(* Let $s\ge3$ and let $S$ be a sequence over an alphabet of $n$ symbols, written as a concatenation of $m$ blocks, containing no alternation of length $s+2$. Let $2\le\hat m<m$ and partition the blocks of $S$ into $\hat m$ consecutive intervals $S_1S_2\cdots S_{\hat m}$, where $S_q$ consists of $m_q\ge1$ blocks ($\sum_q m_q=m$). For each $q$ let $\check n_q$ be the number of symbols occurring in $S_q$ and in no other interval, and let $\hat n=n-\sum_q\check n_q$. Then \[ |S|\le \sum_{q=1}^{\hat m}\lambda_s(\check n_q,m_q)+2\lambda_{s-1}(\hat n,m)+\lambda_{s-2}\big(\lambda_s(\hat n,\hat m)-2\hat n,\,m\big). \] Consequently $\lambda_s(n,m)$ is at most the maximum of the right-hand side over all nonnegative integers $\hat n,\check n_1,\dots,\check n_{\hat m}$ summing to $n$.
   Context: For $s\ge1$, a sequence contains an alternation of length $s+2$ if there are distinct symbols $a\ne b$ and indices $i_1<\dots<i_{s+2}$ whose entries are alternately $a,b,a,b,\dots$. A block is a sequence of pairwise distinct symbols. $\lambda_s(n,m)$ is the maximum length of a sequence using at most $n$ distinct symbols that contains no alternation of length $s+2$ and can be written as a concatenation of at most $m$ blocks; by convention $\lambda_s(0,m)=0$. *)

From Stdlib Require Import ClassicalEpsilon.
From mathcomp Require Import all_boot.
Set Implicit Arguments. Unset Strict Implicit. Unset Printing Implicit Defensive.

Definition alt (T : eqType) (a b : T) (k : nat) : seq T :=
  mkseq (fun i => if odd i then b else a) k.

Definition has_alt (T : eqType) (k : nat) (S : seq T) : Prop :=
  exists a b : T, a != b /\ subseq (alt a b k) S.

Definition block_decomp (T : eqType) (S : seq T) (bs : seq (seq T)) : Prop :=
  all uniq bs /\ flatten bs = S.

(* Symbols are taken in nat (any alphabet can be relabelled into nat). *)
Definition realizable (s n m L : nat) : Prop :=
  exists S : seq nat, size S = L /\ size (undup S) <= n /\ ~ has_alt (s.+2) S /\
    exists bs : seq (seq nat), size bs <= m /\ block_decomp S bs.

Definition pbool (P : Prop) : bool :=
  if excluded_middle_informative P then true else false.

(* Every such sequence has
   length <= n*m (each block has at most n symbols), so the maximum over
   L <= n*m is the maximum over all L; L = 0 is always realizable. *)
Definition lambda (s n m : nat) : nat :=
  \max_(L < (n * m).+1 | pbool (realizable s n m L)) L.

Definition intervals (T : eqType) (bs : seq (seq T)) (ms : seq nat) : seq (seq T) :=
  map flatten (reshape ms bs).

Definition only_in (T : eqType) (Ss : seq (seq T)) (q : nat) (x : T) : bool :=
  all (fun r => (r == q) || (x \notin nth [::] Ss r)) (iota 0 (size Ss)).

Definition checkn (T : eqType) (Ss : seq (seq T)) (q : nat) : nat :=
  count (only_in Ss q) (undup (nth [::] Ss q)).

Definition rhs (s m mhat : nat) (ms : seq nat) (nhat : nat) (cn : seq nat) : nat :=
  \sum_(q < mhat) lambda s (nth 0 cn q) (nth 0 ms q)
  + 2 * lambda s.-1 nhat m
  + lambda (s - 2) (lambda s nhat mhat - 2 * nhat) m.

From Stdlib Require Import ClassicalEpsilon.
From mathcomp Require Import all_boot zify.
Set Implicit Arguments. Unset Strict Implicit. Unset Printing Implicit Defensive.

(* Let S be split into intervals S_1 ... S_mhat of consecutive blocks, and
   label every occurrence of a symbol x in S_q by the pair (x, q).  Since the
   labels are nondecreasing along S, any alternation of length >= 3 between
   labelled symbols lies inside a single interval.  The labelled occurrences
   (x, q) are split into four classes:
   - local: x occurs in no other interval.  The local occurrences of S_q form
     a sequence on checkn_q symbols with m_q blocks: lambda_s(checkn_q, m_q).
   - first (resp. last): x is not local and occurs in no earlier (resp.
     later) interval.  Such x are "global", at most nhat of them, and an
     alternation inside S_q extends by a later (resp. earlier) occurrence of
     its last (resp. first) symbol, so these sequences avoid alternations of
     length s+1: 2 lambda_{s-1}(nhat, m).
   - middle: all other occurrences.  As labelled symbols they avoid
     alternations of length s (extend on both sides), and there are at most
     lambda_s(nhat, mhat) - 2 nhat distinct labelled symbols: compare with
     the sequence of distinct non-local symbols of each interval (mhat
     blocks), padded by a pair c ... c for each missing global symbol. *)

Lemma altS (T : eqType) (a b : T) k : alt a b k.+1 = a :: alt b a k.
Proof.
rewrite /alt /mkseq /= -[1]/(1 + 0) iotaDl -map_comp; congr (_ :: _).
by apply: eq_map => i /=; case: (odd i).
Qed.

Lemma alt_rcons (T : eqType) (a b : T) k :
  alt a b k.+1 = rcons (alt a b k) (if odd k then b else a).
Proof. by rewrite /alt mkseqS. Qed.

Lemma alt_map (T T' : eqType) (f : T -> T') a b k :
  map f (alt a b k) = alt (f a) (f b) k.
Proof. by rewrite /alt /mkseq -map_comp; apply: eq_map => i /=; case: odd. Qed.

Lemma mem_alt (T : eqType) (a b x : T) k :
  x \in alt a b k -> (x == a) || (x == b).
Proof.
elim: k a b => [|k IH] a b //=; rewrite altS inE => /orP[->//|/IH].
by rewrite orbC.
Qed.

Lemma noalt_subseq (T : eqType) k (X Y : seq T) :
  subseq X Y -> ~ has_alt k Y -> ~ has_alt k X.
Proof.
move=> sXY nY [a [b [ab sX]]]; apply: nY; exists a, b; split=> //.
exact: subseq_trans sX sXY.
Qed.

Lemma count_subseq (T : eqType) (p : pred T) (s1 s2 : seq T) :
  subseq s1 s2 -> count p s1 <= count p s2.
Proof.
move=> h; rewrite -!size_filter; apply: size_subseq.
by rewrite subseq_filter filter_all (subseq_trans (filter_subseq _ _) h).
Qed.

Lemma block_size (T : eqType) (S : seq T) (bs : seq (seq T)) :
  block_decomp S bs -> size S <= size bs * size (undup S).
Proof.
case=> ub <-; elim: bs ub => //= b bs IH /andP[ub ubs].
rewrite size_cat mulSn leq_add //.
  by apply: uniq_leq_size => // x xb; rewrite mem_undup mem_cat xb.
apply: leq_trans (IH ubs) _; rewrite leq_mul2l; apply/orP; right.
apply: uniq_leq_size; first exact: undup_uniq.
by move=> x; rewrite !mem_undup mem_cat => ->; rewrite orbT.
Qed.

================

- EXERCISE INSTRUCTIONS
All that is wanted is a faithful reproduction of the line above with "Definition realizable (s", the line with "Definition pbool (P", and every line in between.

- WORKED SOLUTION
Definition realizable (s n m L : nat) : Prop :=
  exists S : seq nat, size S = L /\ size (undup S) <= n /\ ~ has_alt (s.+2) S /\
    exists bs : seq (seq nat), size bs <= m /\ block_decomp S bs.

Definition pbool (P : Prop) : bool :=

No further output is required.